9. A process as claimed in claim 8 wherein the steam produced by boilers in step (f) is utilized in steps (c) and (e) and to produce electric power for use in step (d), and wherein the steam produced by boilers in step (g) is utilized to heat water for use in step (a).
10. The process of claims 8 or 6 wherein step (c) comprises:
distilling said feedstock by distillation to produce a light oil fraction and a heavy residual oil;
hydrotreating said light oil fraction with hydrogen produced by step (d) to remove substantially all of the sulphur content of said light oil fraction and recovering a low sulphur light oil and elemental sulphur.
11. The process of claim 8 or 6 wherein:
(i) step (c) comprises:
distilling said feedstock by distillation to produce a light oil fraction and a heavy residual oil:
hydrotreating said light oil fraction with hydrogen produced by step (d) to remove substantially all of the sulphur content of said light oil fraction and recovering a low sulphur light oil and elemental sulphur; and
dividing the heavy residual oil produced by said distillation into two parts;
hydrocracking a first part of said heavy residual oil with hydrogen produced by step (d) and recovering second quantities of light oil fractions and heavy residual oil;
hydrotreating said second quantity of light oil with hydrogen produced by step (d) and recovering second quantities of low sulphur light oil and elemental sulphur; and
(ii) step (f) comprises:
gasifying a second part of said heavy residual oil and said second quantity of heavy residual oil in a series of gasifiers using air-oxygen mixtures to produce hot gases, wherein the concentration of air and oxygen may vary from gasifier to gasifier, the oxygen being supplied from step (d).

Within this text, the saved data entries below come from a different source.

(* Assume the setting below and suppose $\tau\le0$ and $|x_k^{(1)}|>a$. Define $r_k=\lceil\log_2(|x_k^{(1)}|/a)\rceil$. Then (with probability one) the step returned by the bracketing line search at iteration $k$ is $t_k=2^{r_k}$.
   Context: Let $n\ge2$, $a\ge\sqrt{n-1}$, $f(x)=a|x^{(1)}|+\sum_{i=2}^n x^{(i)}$ on $\mathbb{R}^n$ ($x^{(i)}$ the $i$-th coordinate), $0<c_1<c_2<1$, and $\tau=c_1+\frac{(n-1)(c_1-1)}{a^2}$. The initial point $x_0$ is drawn from the normal distribution on $\mathbb{R}^n$ (independently of $a$), and $x_{k+1}=x_k+t_kd_k$, $d_k=-\nabla f(x_k)$, where $t_k$ is returned by the following Armijo–Wolfe bracketing line search: set $\alpha=0$, $\beta=+\infty$, $t=1$; repeat: if $A(t)$ fails set $\beta\leftarrow t$; else if $W(t)$ fails set $\alpha\leftarrow t$; else stop and return $t$; then if $\beta<+\infty$ set $t\leftarrow(\alpha+\beta)/2$, otherwise $t\leftarrow2\alpha$. Here $A(t)$: $f(x_k+td_k)\le f(x_k)+c_1t\nabla f(x_k)^Td_k$, and $W(t)$: $f$ is differentiable at $x_k+td_k$ and $\nabla f(x_k+td_k)^Td_k\ge c_2\nabla f(x_k)^Td_k$. All statements are understood to hold with probability one. *)

From HB Require Import structures.
From mathcomp Require Import all_boot all_order all_algebra.
From mathcomp Require Import all_classical all_reals all_analysis.
Set Implicit Arguments. Unset Strict Implicit. Unset Printing Implicit Defensive.
Import Order.TTheory GRing.Theory Num.Theory.
Import numFieldNormedType.Exports.
Local Open Scope classical_set_scope.
Local Open Scope ring_scope.

Section Defs.
Variable R : realType.

(* Points of R^N are row vectors 'rV[R]_N; coordinate x^(i+1) is x 0 i. *)

Definition dotv (N : nat) (u v : 'rV[R]_N) : R := \sum_(i < N) u 0 i * v 0 i.

Definition gradv (N : nat) (f : 'rV[R]_N -> R^o) (x : 'rV[R]_N) : 'rV[R]_N :=
  \row_(i < N) ('d f x (delta_mx 0 i : 'rV[R]_N)).

Definition ftest (m : nat) (a : R) (x : 'rV[R]_m.+1) : R^o :=
  a * `|x 0 ord0| + \sum_(i < m.+1 | i != ord0) x 0 i.

Definition armijo (N : nat) (f : 'rV[R]_N -> R^o) (c1 : R) (x d : 'rV[R]_N) (t : R) : Prop :=
  f (x + t *: d) <= f x + c1 * t * dotv (gradv f x) d.

Definition wolfe (N : nat) (f : 'rV[R]_N -> R^o) (c2 : R) (x d : 'rV[R]_N) (t : R) : Prop :=
  differentiable f (x + t *: d) /\
  dotv (gradv f (x + t *: d)) d >= c2 * dotv (gradv f x) d.

(* State (alpha, beta, t) of the bracketing line search after j passes of the
   loop; beta = None encodes beta = +oo.  If the loop already stopped, later
   states are irrelevant (see ls_returns). *)
Fixpoint ls_state (N : nat) (f : 'rV[R]_N -> R^o) (c1 c2 : R) (x d : 'rV[R]_N)
    (j : nat) : R * option R * R :=
  match j with
  | O => (0, None, 1)
  | S j' =>
    let '(al, be, t) := ls_state f c1 c2 x d j' in
    let '(al', be') :=
      if `[< armijo f c1 x d t >] then
        (if `[< wolfe f c2 x d t >] then (al, be) else (t, be))
      else (al, Some t) in
    (al', be', match be' with Some b => (al' + b) / 2 | None => 2 * al' end)
  end.

Definition ls_trial (N : nat) (f : 'rV[R]_N -> R^o) (c1 c2 : R) (x d : 'rV[R]_N)
  (j : nat) : R := (ls_state f c1 c2 x d j).2.

Definition ls_returns (N : nat) (f : 'rV[R]_N -> R^o) (c1 c2 : R) (x d : 'rV[R]_N)
    (t : R) : Prop :=
  exists j : nat,
    [/\ armijo f c1 x d (ls_trial f c1 c2 x d j),
        wolfe f c2 x d (ls_trial f c1 c2 x d j),
        (forall i : nat, (i < j)%N ->
           ~ (armijo f c1 x d (ls_trial f c1 c2 x d i) /\
              wolfe f c2 x d (ls_trial f c1 c2 x d i))) &
        t = ls_trial f c1 c2 x d j].

Definition gd_run (N : nat) (f : 'rV[R]_N -> R^o) (c1 c2 : R) (xs : nat -> 'rV[R]_N)
    (k : nat) : Prop :=
  forall j : nat, (j < k)%N ->
    differentiable f (xs j) /\
    exists t : R, ls_returns f c1 c2 (xs j) (- gradv f (xs j)) t /\
                  xs j.+1 = xs j + t *: (- gradv f (xs j)).

(* Null sets of the standard normal distribution N(0, I_N) on R^N: sets
   that can be covered by countably many closed boxes of arbitrarily small
   total Gaussian (product) measure, i.e. sets of Gaussian outer measure 0. *)
Definition gauss_null (N : nat) (S : set 'rV[R]_N) : Prop :=
  forall eps : R, 0 < eps ->
  exists lo hi : nat -> 'rV[R]_N,
    S `<=` \bigcup_(j in [set: nat]) [set y | forall i : 'I_N, lo j 0 i <= y 0 i <= hi j 0 i] /\
    (\sum_(0 <= j <oo)
        (\prod_(i < N) fine (normal_prob 0 1 `[lo j 0 i, hi j 0 i]%classic))%:E < eps%:E)%E.

End Defs.

From HB Require Import structures.
From mathcomp Require Import all_boot all_order all_algebra.
From mathcomp Require Import all_classical all_reals all_analysis.
From mathcomp Require Import ring lra.
Import Order.TTheory GRing.Theory Num.Theory.
Import numFieldNormedType.Exports.
Local Open Scope classical_set_scope.
Local Open Scope ring_scope.

Set Implicit Arguments.
Unset Strict Implicit.
Unset Printing Implicit Defensive.

(* Along d = -grad f(x) the coordinate x^(1) moves by -t a sg(x^(1)) and every
   other coordinate by -t.  As long as t a < |x^(1)| the kink of |x^(1)| is not
   crossed, f decreases with constant slope -(a^2 + m) and the gradient does not
   change: Armijo holds, Wolfe fails, and the search doubles t.  The first power
   of 2 with t a > |x^(1)| overshoots the kink by at most |x^(1)|; Armijo still
   holds because the remaining decrease t m dominates c1 t (a^2 + m) exactly
   when tau <= 0, and Wolfe holds because the new slope a^2 - m is
   nonnegative.  This breaks down only if some iterate hits t a = |x^(1)| or
   x^(1) = 0.  Every trial step is dyadic, so x_k^(1)/a - x_0^(1)/a is dyadic,
   and both events force x_0^(1)/a to be dyadic: a countable union of
   hyperplanes, hence a Gaussian null set. *)

Section Dyadic.
Context {R : realType}.

Definition dyadic (r : R) : Prop := exists (p : int) (q : nat), r = p%:~R / 2 ^+ q.

Lemma dyadic_int (z : int) : dyadic z%:~R.
Proof. by exists z, 0%N; rewrite expr0 divr1. Qed.

Lemma dyadic_nat (n : nat) : dyadic n%:R.
Proof. by rewrite pmulrn; apply: dyadic_int. Qed.

Lemma dyadic_half : dyadic 2^-1.
Proof. by exists 1, 1%N; rewrite expr1 mul1r. Qed.

Lemma dyadicD r s : dyadic r -> dyadic s -> dyadic (r + s).
Proof.
move=> [p [q ->]] [p' [q' ->]]; exists (p * 2 ^+ q' + p' * 2 ^+ q), (q + q')%N.
have [h h'] : (2 : R) ^+ q != 0 /\ (2 : R) ^+ q' != 0 by split; apply: expf_neq0.
by rewrite intrD !intrM !rmorphXn /= exprD; field; rewrite h h'.
Qed.

Lemma dyadicM r s : dyadic r -> dyadic s -> dyadic (r * s).
Proof.
move=> [p [q ->]] [p' [q' ->]]; exists (p * p'), (q + q')%N.
have [h h'] : (2 : R) ^+ q != 0 /\ (2 : R) ^+ q' != 0 by split; apply: expf_neq0.
by rewrite intrM exprD; field; rewrite h h'.
Qed.

Lemma dyadic_exp2 (n : nat) : dyadic (2 ^+ n).
Proof. by have := dyadic_int (2 ^+ n); rewrite rmorphXn. Qed.

Lemma dyadic_sg (r : R) : dyadic (Num.sg r).
Proof. by rewrite sgrEz; apply: dyadic_int. Qed.

Definition dyadic_enum (n : nat) : R :=
  if @unpickle (int * nat)%type n is Some (p, q) then p%:~R / 2 ^+ q else 0.

Lemma dyadic_enumP r : dyadic r -> exists n, r = dyadic_enum n.
Proof. by move=> [p [q ->]]; exists (pickle (p, q)); rewrite /dyadic_enum pickleK. Qed.

End Dyadic.

Section BracketingLineSearch.
Context {R : realType} {N : nat}.
Variables (f : 'rV[R]_N -> R^o) (c1 c2 : R) (x d : 'rV[R]_N).

Lemma ls_trial_dyadic j : dyadic (ls_trial f c1 c2 x d j).
Proof.
suff : let: (al, be, t) := ls_state f c1 c2 x d j in
    [/\ dyadic al, (forall b, be = Some b -> dyadic b) & dyadic t].
  by rewrite /ls_trial; case: ls_state => [[al be] t] [].
have next (al : R) (be : option R) : dyadic al -> (forall b, be = Some b -> dyadic b) ->
    [/\ dyadic al, (forall b, be = Some b -> dyadic b) &
        dyadic (match be with Some b => (al + b) / 2 | None => 2 * al end)].
  move=> hal hbe; split=> //; case: be hbe => [b|] hbe.
    by apply: dyadicM; [apply: dyadicD => //; apply: hbe|apply: dyadic_half].
  by apply: dyadicM => //; exact: dyadic_nat.
elim: j => [|j] /=.
  by split=> //; [exact: (@dyadic_nat R 0)|exact: (@dyadic_nat R 1)].
case: ls_state => [[al be] t] [hal hbe ht].
by case: asboolP => _; [case: asboolP => _|]; apply: next => // b [<-].
Qed.

Lemma ls_state_doubling J :
    (forall i, (i < J)%N -> armijo f c1 x d (2 ^+ i) /\ ~ wolfe f c2 x d (2 ^+ i)) ->
  forall i, (i <= J)%N -> exists al, ls_state f c1 c2 x d i = (al, None, 2 ^+ i).
Proof.
move=> AnotW; elim=> [_|i IH iJ]; first by exists 0; rewrite expr0.
have [al stE] := IH (ltnW iJ); have [hA hW] := AnotW i iJ.
by exists (2 ^+ i) => /=; rewrite stE (asboolT hA) (asboolF hW) exprS.
Qed.

Lemma ls_returns_doubling J :
    (forall i, (i < J)%N -> armijo f c1 x d (2 ^+ i) /\ ~ wolfe f c2 x d (2 ^+ i)) ->
    armijo f c1 x d (2 ^+ J) -> wolfe f c2 x d (2 ^+ J) ->
  ls_returns f c1 c2 x d (2 ^+ J).
Proof.
move=> AnotW hA hW.
have trialE i : (i <= J)%N -> ls_trial f c1 c2 x d i = 2 ^+ i.
  by move=> iJ; rewrite /ls_trial; have [al ->] := ls_state_doubling AnotW iJ.
exists J; rewrite trialE //; split=> // i iJ.
by rewrite trialE ?(ltnW iJ) //; case: (AnotW i iJ) => _ nW [].
Qed.

End BracketingLineSearch.

Section GaussNull.
Context {R : realType}.

Lemma normal_prob_point (e : R) : fine (normal_prob 0 1 `[e, e]%classic) = 0.
Proof.
rewrite set_itv1.
have := (null_content_dominatesP _ _).1 (@normal_prob_dominates R 0 1) [set e].
by move=> ->//; apply: lebesgue_measure_set1.
Qed.

Lemma gauss_nullS N (A B : set 'rV[R]_N) :
  A `<=` B -> gauss_null B -> gauss_null A.
Proof.
move=> AB nB eps eps0; have [lo [hi [Bcov small]]] := nB eps eps0.
by exists lo, hi; split=> //; apply: subset_trans Bcov.
Qed.

Lemma gauss_null_coord_seq N (i0 : 'I_N) (u : nat -> R) :
  gauss_null [set y : 'rV[R]_N | exists n, y 0 i0 = u n].
Proof.
move=> eps eps0.
(* The n-th box is the slice y^(i0) = u k of the cube [-M, M]^N, where
   n encodes (k, M). *)
pose box (n : nat) : R * R :=
  if @unpickle (nat * nat)%type n is Some (k, M) then (u k, M%:R) else (0, 0).
exists (fun n => \row_i (if i == i0 then (box n).1 else - (box n).2)).
exists (fun n => \row_i (if i == i0 then (box n).1 else (box n).2)).
split.
  move=> y [k yk]; pose M := Num.bound (\sum_i `|y 0 i|).
  exists (pickle (k, M)) => //= i; rewrite !mxE /box pickleK /=.
  case: eqP => [->|_]; first by rewrite yk lexx.
  rewrite -ler_norml; apply/ltW/(le_lt_trans _ (archi_boundP _)); last exact: sumr_ge0.
  by rewrite (bigD1 i) //= lerDl sumr_ge0.
rewrite eseries0 ?lte_fin // => j _ _.
by rewrite (bigD1 i0) //= !mxE eqxx normal_prob_point mul0r.
Qed.

Lemma gauss_null_dyadic_coord N (i0 : 'I_N) (a : R) : a != 0 ->
  gauss_null [set y : 'rV[R]_N | dyadic (y 0 i0 / a)].
Proof.
move=> a0; apply: gauss_nullS (gauss_null_coord_seq i0 (fun n => a * dyadic_enum n)).
by move=> y /dyadic_enumP [n yn]; exists n; rewrite -yn mulrC divfK.
Qed.

End GaussNull.

Section Calculus.
Context {R : realType}.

12. The process of claim 8 or 6 wherein in step (a) a first part of said first stream of gasifier hot gases is injected directly into said heavy oil deposits and a second part of said first stream of gasifier hot gases is injected into said heavy oil deposits together with the steam utilized in step (a).
13. The process of claim 8 or 6 wherein the residual hot gas from said gas turbines in step (g) is recycled to step (f) as feed to said boilers.
14. The process of claim 8 or 6 wherein the residual hot gas from said gas turbines in step (g) is utilized in step (a) for ignition for fire flooding.
15. The process of claim 8 or 6 wherein a portion of the steam produced in the boilers in step (g) is recycled to step (f) for the production of electric power.
16. The process of claim 8 or 6 wherein said gasifier hot gases are divided into a third stream of gasifier hot gases and said process comprises the further step (h) of:
passing said third stream of gasifier hot gases through a water-gas shift reactor to produce a stream of hydrogen gas for use in said step (c).
17. The process of claim 4 or 5 wherein the heavy residual oil recovered in step (c) and to be gasified in step (e) is supplemented by a portion of the heavy oil feedstock.
18. The process of claim 4 or 5 wherein the heavy residual oil recovered in step (c) and to be gasified in step (e) is supplemented by one of coal and coke.